The holograms aren't as speedy as those in Hollywood. The display changes only every two seconds. But these holograms are actually happening and in close to real time: a fellow is filmed in one room, the data is sent via ethernet to another room, laser beams go to work, and voilà: a holographic telepresence appears and moves, in apparently solid detail.
Innovative research in holography is going on at labs and companies worldwide, said Lisa Dhar, a senior technology manager at the University of Illinois, Urbana-Champaign, who is an expert in holographic materials.
Zebra Imaging in Austin, Texas, sells holographic prints that at first glance look much like ordinary pieces of plastic about a meter long and half as wide - until an LED flashlight is shined at them.
Then the patterns, burned into the plastic with high-power laser beams, come to life, said Al Wargo, the chief executive. Out of the surface springs a model of a complicated building.
No special eyewear is required to view the holographic prints, which typically cost $1,000 to $3,000 each. Zebra's main customer has been the United States Defense Department, for whom Zebra renders holographic displays of, for example, battlefields in Iraq and Afghanistan.
FMC Technologies in Houston says holograms are handy substitutes when the company wants to demonstrate its 22-metric-tons of equipment at trade shows.
"The holograms are a lot lighter," said Adam Andrich, global marketing manager for fluid control.
Holographic prints may also find use among architects and engineers. They are helpful in 3-D computer modeling to plan before construction, and an inexpensive alternative to often fragile physical models of wood or polystyrene, says Jared Smith, a senior vice president at Parsons Brinckerhoff in Seattle, an engineering, planning and architecture firm.
At the University of Arizona, Dr. Peyghambarian created his displays using 16 cameras.

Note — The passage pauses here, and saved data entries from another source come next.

Lemma in_seq_choice {X Y : eqType} (Q : X -> Y -> Prop) (s : seq X) :
  (forall x, x \in s -> exists z, Q x z) ->
  exists P : seq (X * Y), unzip1 P = s /\ forall q, q \in P -> Q q.1 q.2.
Proof.
elim: s => [|x s IH] hs; first by exists [::].
have [z xz] := hs x (mem_head _ _).
have [|P [Ps hP]] := IH; first by move=> x' x's; apply: hs; rewrite inE x's orbT.
exists ((x, z) :: P); split; first by rewrite /= Ps.
by move=> q; rewrite inE => /predU1P [-> //|]; apply: hP.
Qed.

Lemma count_mem_pigeonhole {T : eqType} b (U s : seq T) :
  {subset s <= U} -> b * size U < size s ->
  exists2 z, z \in s & b < count_mem z s.
Proof.
move=> sU; case: (boolP (has (fun z => b < count_mem z s) s)) => [/hasP //|].
move=> /hasPn small; rewrite ltnNge => /negP; case.
have count_le z : count_mem z s <= b.
  case: (boolP (z \in s)) => [/small|/count_memPn ->//]; by rewrite -leqNgt.
rewrite -count_predT -(eq_in_count (a1 := mem U)) //.
elim: U {sU} => [|u U IH]; first by rewrite count_pred0.
rewrite /= mulnS; apply: (@leq_trans (count (predU (pred1 u) (mem U)) s)).
  by apply: sub_count => z; rewrite /= inE.
rewrite -(leq_add2r (count (predI (pred1 u) (mem U)) s)) count_predUI.
by rewrite -addnA leq_add // (leq_trans IH) ?leq_addr.
Qed.

Fixpoint transversal_seqs (A : nat -> {fset nat}) (n : nat) : seq (seq nat) :=
  if n is n'.+1 then
    [seq rcons s x | s <- transversal_seqs A n', x <- enum_fset (A n')]
  else [:: [::]].

Lemma size_transversal_seqs A n :
  size (transversal_seqs A n) = \prod_(j < n) #|` A j|.
Proof.
elim: n => [|n IH]; first by rewrite big_ord0.
by rewrite /= size_allpairs IH big_ord_recr.
Qed.

Lemma transversal_seq_within A (S : {fset nat}) n :
  (forall j, j < n -> #|` S `&` A j| = 1)%fset ->
  exists2 s, s \in transversal_seqs A n &
    {subset s <= S} /\ forall j, j < n -> {subset (S `&` A j)%fset <= s}.
Proof.
elim: n => [|n IH] hS; first by exists [::].
have [|s sT [sS Ss]] := IH; first by move=> j jn; apply: hS (leqW jn).
have /cardfs1P [x Sx] : (#|` S `&` A n| == 1)%fset by rewrite hS.
have : x \in (S `&` A n)%fset by rewrite Sx in_fset1.
rewrite in_fsetI => /andP [xS xA].
exists (rcons s x); first exact: allpairs_f.
split=> [z | j]; first by rewrite mem_rcons inE => /predU1P [-> | /sS].
rewrite ltnS leq_eqVlt => /predU1P [-> z | /Ss sub z zSA].
  by rewrite Sx in_fset1 => /eqP ->; rewrite mem_rcons mem_head.
by rewrite mem_rcons inE (sub z zSA) orbT.
Qed.

Definition selection_candidates p A : seq {fset nat} :=
  [seq [fset x in s]%fset | s <- transversal_seqs A p.+1].

Lemma selection_candidate p A S : selection p A S -> S \in selection_candidates p A.
Proof.
move=> [SA card1]; have [s sT [sS Ss]] := @transversal_seq_within A S p.+1 card1.
apply/mapP; exists s => //; apply/fsetP => x; rewrite in_fset.
apply/idP/idP => [xS | /sS //]; have [j [jp xA]] := SA x xS.
by apply: (Ss j jp); rewrite in_fsetI xS.
Qed.

Section BranchingLeaves.

Variables (e y : nat) (S : {fset nat}).

Definition branching_leaves (s : seq nat) (d : nat) (Ls : seq (seq nat)) : Prop :=
  Ls != [::] /\
  (forall l, l \in Ls -> prefix s l /\ size l = size s + d /\ accepts e l S) /\
  (forall t, prefix s t -> size t < size s + d -> has (prefix t) Ls ->
     exists L : seq (seq nat), uniq L /\ size L = y /\
       forall r, r \in L -> child t r /\ has (prefix r) Ls).

Lemma branching_leaves_root s d Ls :
  branching_leaves s d Ls -> has (prefix s) Ls.
Proof.
case: Ls => [[]//|l Ls [_ [leaves _]]] /=.
by rewrite (leaves l (mem_head _ _)).1.
Qed.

Software rendered the images in holographic pixels that laser beams recorded on a novel plastic that can be erased and rewritten.
Keren Bergman, a professor of electrical engineering at Columbia University in New York, is working on ways to send holograms from Arizona to New York on the Internet.
One day, she may summon people to her lab by holographic telepresence, just as Alexander Graham Bell once summoned Thomas Watson ("Come here!") with a historic telephone call.